--- Exercise objective ---
Below are records. Find each line in them that holds the word "Theory" and copy it.
Input for this task: Begin
(* Let $C$ be a linear subspace of $\mathbb{F}_q^\nu$ endowed with the Hamming metric, with coset leader weight distribution $(\alpha_0,\alpha_1,\dots,\alpha_\nu)$. Then there exist a finite-dimensional vector space $V$ over $\mathbb{F}_q$ and a projective weight $\operatorname{wt}_{\mathcal{F}}$ on $V$ such that $\alpha_i=|\{v\in V:\operatorname{wt}_{\mathcal{F}}(v)=i\}|$ for every $i=0,1,\dots,\nu$.
   Context: The coset leader weight of a coset $y+C$ is $\min\{\operatorname{wt}_H(x):x\in y+C\}$; $\alpha_i$ is the number of cosets of $C$ in $\mathbb{F}_q^\nu$ of coset leader weight $i$. A projective weight on $V$ is $\operatorname{wt}_{\mathcal{F}}(v)=\min(\{|I|:I\subseteq\mathcal{F},v\in\langle I\rangle\}\cup\{\infty\})$ for a set $\mathcal{F}\subset V$ of pairwise linearly independent nonzero vectors. *)

From HB Require Import structures.
From mathcomp Require Import all_boot all_order all_algebra all_field.
Set Implicit Arguments. Unset Strict Implicit. Unset Printing Implicit Defensive.
Import GRing.Theory.
Local Open Scope ring_scope.

Definition hamming_wt (F : finFieldType) (nu : nat) (x : 'rV[F]_nu) : nat :=
  #|[set j : 'I_nu | x ord0 j != 0]|.

Definition cosets (F : finFieldType) (nu : nat) (C : {vspace 'rV[F]_nu})
  : {set {set 'rV[F]_nu}} :=
  [set [set y + c | c in C] | y : 'rV[F]_nu].

(* Coset leader weight: min of Hamming weights over the coset
   (the default nu is never reached for a nonempty coset, since wt <= nu). *)
Definition coset_leader_wt (F : finFieldType) (nu : nat)
  (K : {set 'rV[F]_nu}) : nat :=
  \big[minn/nu]_(x in K) hamming_wt x.

Definition alpha (F : finFieldType) (nu : nat) (C : {vspace 'rV[F]_nu}) (i : nat)
  : nat :=
  #|[set K in cosets C | coset_leader_wt K == i]|.

Definition proj_family (F : finFieldType) (n : nat) (Fam : {set 'rV[F]_n}) : Prop :=
  (forall u, u \in Fam -> u != 0) /\
  (forall u v, u \in Fam -> v \in Fam -> u != v -> free [:: u; v]).

(* Projective weight wt_Fam(v) = min{|I| : I subset Fam, v in <I>},
   with None standing for infinity. The default #|Fam| of the min is
   harmless since every admissible I has #|I| <= #|Fam|. *)
Definition proj_wt (F : finFieldType) (n : nat) (Fam : {set 'rV[F]_n})
  (v : 'rV[F]_n) : option nat :=
  if [exists I : {set 'rV[F]_n}, (I \subset Fam) && (v \in <<enum I>>%VS)]
  then Some (\big[minn/#|Fam|]_(I : {set 'rV[F]_n} |
                (I \subset Fam) && (v \in <<enum I>>%VS)) #|I|)
  else None.

From HB Require Import structures.
From mathcomp Require Import all_boot all_order all_algebra all_field.
Set Implicit Arguments. Unset Strict Implicit. Unset Printing Implicit Defensive.
Import Order.TTheory GRing.Theory.
Local Open Scope ring_scope.

(* Let phi be a linear map on F_q^nu with kernel C (a "syndrome" map, here
   x |-> x - proj_C x), and let Fam be the set of projective points spanned by
   the nonzero syndromes phi(e_j) of the unit vectors. Writing phi x as a
   combination of syndromes phi(e_j) over the support of x, and conversely
   lifting a combination of k members of Fam to a vector of weight <= k, shows
   wt_Fam(phi x) = coset leader weight of x + C. Since x + C |-> phi x is a
   bijection from the cosets onto the image of phi, which contains every
   vector of finite projective weight, the two weight distributions agree. *)

Lemma bigminn_le_cond (I : finType) (P : pred I) (G : I -> nat) d i :
  P i -> (\big[minn/d]_(j | P j) G j <= G i)%N.
Proof. by rewrite -minEnat -leEnat; apply: bigmin_le_cond. Qed.

Lemma le_bigminn (I : finType) (P : pred I) (G : I -> nat) d m :
  (m <= d)%N -> (forall i, P i -> m <= G i)%N ->
  (m <= \big[minn/d]_(j | P j) G j)%N.
Proof. by rewrite -minEnat; apply: (@le_bigmin _ nat I (index_enum I) G d m P). Qed.

Section HammingWeight.
Variables (F : finFieldType) (n : nat).
Implicit Types (x y : 'rV[F]_n) (k : F).

Lemma hamming_wt0 : hamming_wt (0 : 'rV[F]_n) = 0%N.
Proof. by apply: eq_card0 => j; rewrite !inE mxE eqxx. Qed.

Lemma hamming_wtD x y : (hamming_wt (x + y) <= hamming_wt x + hamming_wt y)%N.
Proof.
apply: leq_trans (leq_card_setU _ _).1; apply/subset_leq_card/subsetP => j.
by rewrite !inE mxE; case: (x 0 j =P 0) => [->|//]; rewrite add0r.
Qed.

Lemma hamming_wtZ k x : (hamming_wt (k *: x) <= hamming_wt x)%N.
Proof.
by apply/subset_leq_card/subsetP => j; rewrite !inE mxE mulf_eq0 negb_or => /andP[].
Qed.

Lemma hamming_wt_delta (j : 'I_n) : hamming_wt (delta_mx 0 j : 'rV[F]_n) = 1%N.
Proof.
rewrite /hamming_wt -[RHS](cards1 j); apply: eq_card => i.
by rewrite !inE mxE eqxx /=; case: (i == j); rewrite ?oner_eq0 ?eqxx.
Qed.

Lemma hamming_wt_max x : (hamming_wt x <= n)%N.
Proof. by rewrite -[leqRHS]card_ord max_card. Qed.

End HammingWeight.

Section ProjectiveNormalForm.
Variables (F : fieldType) (n : nat).
Implicit Types (u v : 'rV[F]_n) (c : F).

Definition proj_normal u : 'rV[F]_n :=
  if [pick j | u 0 j != 0] is Some j then (u 0 j)^-1 *: u else u.

Lemma proj_normal_scale u : u != 0 -> exists2 s, s != 0 & proj_normal u = s *: u.
Proof.
move=> u_nz; rewrite /proj_normal; case: pickP => [j uj_nz|u0].
  by exists (u 0 j)^-1; rewrite ?invr_eq0.
by case/eqP: u_nz; apply/rowP => j; rewrite mxE; apply/eqP/negbFE/u0.
Qed.

Lemma proj_normalZ c u : c != 0 -> proj_normal (c *: u) = proj_normal u.
Proof.
move=> c_nz; rewrite /proj_normal.
have -> : [pick j | (c *: u) 0 j != 0] = [pick j | u 0 j != 0].
  by apply: eq_pick => j /=; rewrite mxE mulf_eq0 (negbTE c_nz).
case: pickP => [j _|u0]; first by rewrite mxE scalerA invfM mulrAC mulVf ?mul1r.
have -> : u = 0 by apply/rowP => j; rewrite mxE; apply/eqP/negbFE/u0.
by rewrite scaler0.
Qed.

Lemma proj_normal_eq0 u : (proj_normal u == 0) = (u == 0).
Proof.
have [->|u_nz] := eqVneq u 0.
  by rewrite /proj_normal; case: pickP => [j _|_]; rewrite ?scaler0 eqxx.
have [s s_nz ->] := proj_normal_scale u_nz.
by rewrite scaler_eq0 (negbTE s_nz) (negbTE u_nz).
Qed.

Lemma proj_normal_id u : u != 0 -> proj_normal (proj_normal u) = proj_normal u.
Proof.
move=> u_nz; have [s s_nz def_u] := proj_normal_scale u_nz.
by rewrite {1}def_u proj_normalZ.
Qed.

End ProjectiveNormalForm.

Lemma proj_family_normal (F : finFieldType) n (S : {set 'rV[F]_n}) :
  0 \notin S -> proj_family [set proj_normal u | u in S].
Proof.
move=> S_nz; set T := [set proj_normal u | u in S].
have nzT v : v \in T -> v != 0.
  by case/imsetP=> w wS ->; rewrite proj_normal_eq0; apply: contraNneq S_nz => <-.
have normal_id v : v \in T -> proj_normal v = v.
  by case/imsetP=> w wS ->; rewrite proj_normal_id // -proj_normal_eq0 nzT ?imset_f.
split=> // u v uS vS neq_uv.
rewrite free_cons seq1_free nzT // andbT span_seq1.
apply: contra neq_uv => /vlineP[k def_u].
have k_nz : k != 0 by apply: contraNneq (nzT u uS); rewrite def_u => ->; rewrite scale0r.
by rewrite -(normal_id u uS) def_u proj_normalZ // normal_id.
Qed.

Lemma lker_id_sub_projv (F : fieldType) (vT : vectType F) (U : {vspace vT}) :
  lker (\1 - projv U)%VF = U.
Proof.
apply/vspaceP => x; rewrite memv_ker add_lfunE opp_lfunE id_lfunE subr_eq0.
by apply/eqP/idP => [->|/projv_id ->]; rewrite ?memv_proj.
Qed.

Definition coset (F : finFieldType) nu (C : {vspace 'rV[F]_nu}) (y : 'rV[F]_nu) :=
  [set y + c | c in C].

Section SyndromeFamily.
Variables (F : finFieldType) (nu n : nat) (phi : 'Hom('rV[F]_nu, 'rV[F]_n)).

Definition syndrome_family : {set 'rV[F]_n} :=
  [set proj_normal u | u in [set phi (delta_mx 0 j) | j : 'I_nu] :\ 0].
Local Notation Fam := syndrome_family.

Lemma syndrome_family_proj : proj_family Fam.
Proof. by apply: proj_family_normal; rewrite !inE eqxx. Qed.

Lemma syndrome_family_wt1 u : u \in Fam -> exists x, (hamming_wt x <= 1)%N /\ u = phi x.
Proof.
case/imsetP=> w /setD1P[w_nz /imsetP[j _ def_w]] ->.
rewrite {}def_w in w_nz *.
have [s _ ->] := proj_normal_scale w_nz.
exists (s *: delta_mx 0 j); split; last by rewrite linearZ.
by rewrite (leq_trans (hamming_wtZ _ _)) ?hamming_wt_delta.
Qed.

Lemma syndrome_family_lift (J : {set 'rV[F]_n}) v :
  J \subset Fam -> v \in <<enum J>>%VS ->
  exists2 z, phi z = v & (hamming_wt z <= #|J|)%N.
Proof.
rewrite cardE => /subsetP JF; have : {subset enum J <= Fam}.
  by move=> u; rewrite mem_enum; apply: JF.
elim: (enum J) v => [|u X IH] v XF.
  by rewrite span_nil memv0 => /eqP->; exists 0; rewrite ?linear0 ?hamming_wt0.
have /(IH _) IHX : {subset X <= Fam} by move=> y Xy; apply: XF; rewrite inE Xy orbT.
rewrite span_cons => /memv_addP[a /vlineP[k ->] [w /IHX[z <- wt_z] ->]].
have [x [wt_x ->]] := syndrome_family_wt1 (XF u (mem_head u X)).
exists (k *: x + z); first by rewrite linearD linearZ.
exact: leq_trans (hamming_wtD _ _) (leq_add (leq_trans (hamming_wtZ _ _) wt_x) wt_z).
Qed.

Lemma syndrome_mem_span z :
  exists I : {set 'rV[F]_n},
    [/\ I \subset Fam, phi z \in <<enum I>>%VS & (#|I| <= hamming_wt z)%N].
Proof.
pose supp := [set j | z 0 j != 0].
exists [set proj_normal u | u in [set phi (delta_mx 0 j) | j in supp] :\ 0]; split.
- by apply/imsetS/setSD/imsetS/subsetP.
- rewrite {1}(row_sum_delta z) linear_sum; apply: memv_suml => j _ /=.
  have [zj0|zj_nz] := eqVneq (z 0 j) 0; first by rewrite zj0 scale0r linear0 mem0v.
  have [phij0|phij_nz] := eqVneq (phi (delta_mx 0 j)) 0.
    by rewrite linearZ /= phij0 scaler0 mem0v.
  have [s s_nz def_normal] := proj_normal_scale phij_nz.
  rewrite linearZ /=; apply: memvZ.
  have -> : phi (delta_mx 0 j) = s^-1 *: proj_normal (phi (delta_mx 0 j)).
    by rewrite def_normal scalerA mulVf ?scale1r.
  apply/memvZ/memv_span; rewrite mem_enum; apply: imset_f.
  by rewrite !inE phij_nz /=; apply/imsetP; exists j; rewrite ?inE.
- apply: leq_trans (leq_imset_card _ _) _.
  exact: leq_trans (subset_leq_card (subsetDl _ _)) (leq_imset_card _ _).
Qed.

Lemma proj_wt_Some_image v i : proj_wt Fam v = Some i -> exists x, v = phi x.
Proof.
rewrite /proj_wt; case: ifP => // /existsP[J /andP[JF vJ]] _.
by have [z <- _] := syndrome_family_lift JF vJ; exists z.
Qed.

Variable C : {vspace 'rV[F]_nu}.
Hypothesis lker_phi : lker phi = C.

Lemma mem_coset x w : (w \in coset C x) = (phi w == phi x).
Proof.
apply/imsetP/eqP => [[c cC ->]|phi_wx].
  by move: cC; rewrite -lker_phi memv_ker linearD /= => /eqP->; rewrite addr0.
exists (w - x); last by rewrite addrC subrK.
by rewrite -lker_phi memv_ker linearB /= phi_wx subrr.
Qed.

Lemma coset_leader_wt_le_card x (J : {set 'rV[F]_n}) :
  J \subset Fam -> phi x \in <<enum J>>%VS -> (coset_leader_wt (coset C x) <= #|J|)%N.
Proof.
move=> JF xJ; have [z phi_zx wt_z] := syndrome_family_lift JF xJ.
by apply: leq_trans wt_z; apply: bigminn_le_cond; rewrite mem_coset phi_zx.
Qed.

Lemma proj_wt_syndrome x :
  proj_wt Fam (phi x) = Some (coset_leader_wt (coset C x)).
Proof.
have [I [IF xI wt_I]] := syndrome_mem_span x.
rewrite /proj_wt; case: ifP => [_|/existsP[]]; last by exists I; rewrite IF xI.
congr Some; apply/eqP; rewrite eqn_leq; apply/andP; split.
  apply: le_bigminn => [|w].
    apply: leq_trans (hamming_wt_max x); apply: leq_trans wt_I.
    by apply: bigminn_le_cond; rewrite IF xI.
  rewrite mem_coset => /eqP phi_wx; have [I' [I'F wI' wt_I']] := syndrome_mem_span w.
  by apply: leq_trans wt_I'; apply: bigminn_le_cond; rewrite I'F -phi_wx wI'.
apply: le_bigminn => [|J /andP[JF xJ]]; last exact: coset_leader_wt_le_card.
exact: leq_trans (coset_leader_wt_le_card IF xI) (subset_leq_card IF).
Qed.

Lemma alpha_syndrome i : alpha C i = #|[set v | proj_wt Fam v == Some i]|.
Proof.
pose fiber v := [set x | phi x == v].
have coset_fiber x : coset C x = fiber (phi x) by apply/setP => w; rewrite inE mem_coset.
rewrite /alpha; have -> : [set K in cosets C | coset_leader_wt K == i] =
          fiber @: [set v | proj_wt Fam v == Some i].
  apply/setP => K; rewrite inE; apply/andP/imsetP => [[/imsetP[y _ ->] /eqP wt_y]|[v]].
    by exists (phi y); rewrite -/(coset C y) ?inE ?proj_wt_syndrome ?wt_y.
  rewrite inE => /eqP wt_v ->; have [x def_v] := proj_wt_Some_image wt_v.
  move: wt_v; rewrite def_v -coset_fiber proj_wt_syndrome => -[<-].
  by split; first by apply/imsetP; exists x.
rewrite card_in_imset // => v1 v2; rewrite inE => /eqP/proj_wt_Some_image[x ->] _.
rewrite -coset_fiber => fib; have : x \in coset C x by rewrite mem_coset.
by rewrite fib inE => /eqP.
Qed.

End SyndromeFamily.

Theorem proposition6p3 (F : finFieldType) (nu : nat) (C : {vspace 'rV[F]_nu}) :
  exists (n : nat) (Fam : {set 'rV[F]_n}),
    proj_family Fam /\
    forall i : nat, (i <= nu)%N ->
      alpha C i = #|[set v : 'rV[F]_n | proj_wt Fam v == Some i]|.
Proof.
exists nu, (syndrome_family (\1 - projv C)%VF); split; first exact: syndrome_family_proj.
by move=> i _; apply: alpha_syndrome; apply: lker_id_sub_projv.
Qed.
Input for this task: End
--- Written answer ---
Import GRing.Theory.
Import Order.TTheory GRing.Theory.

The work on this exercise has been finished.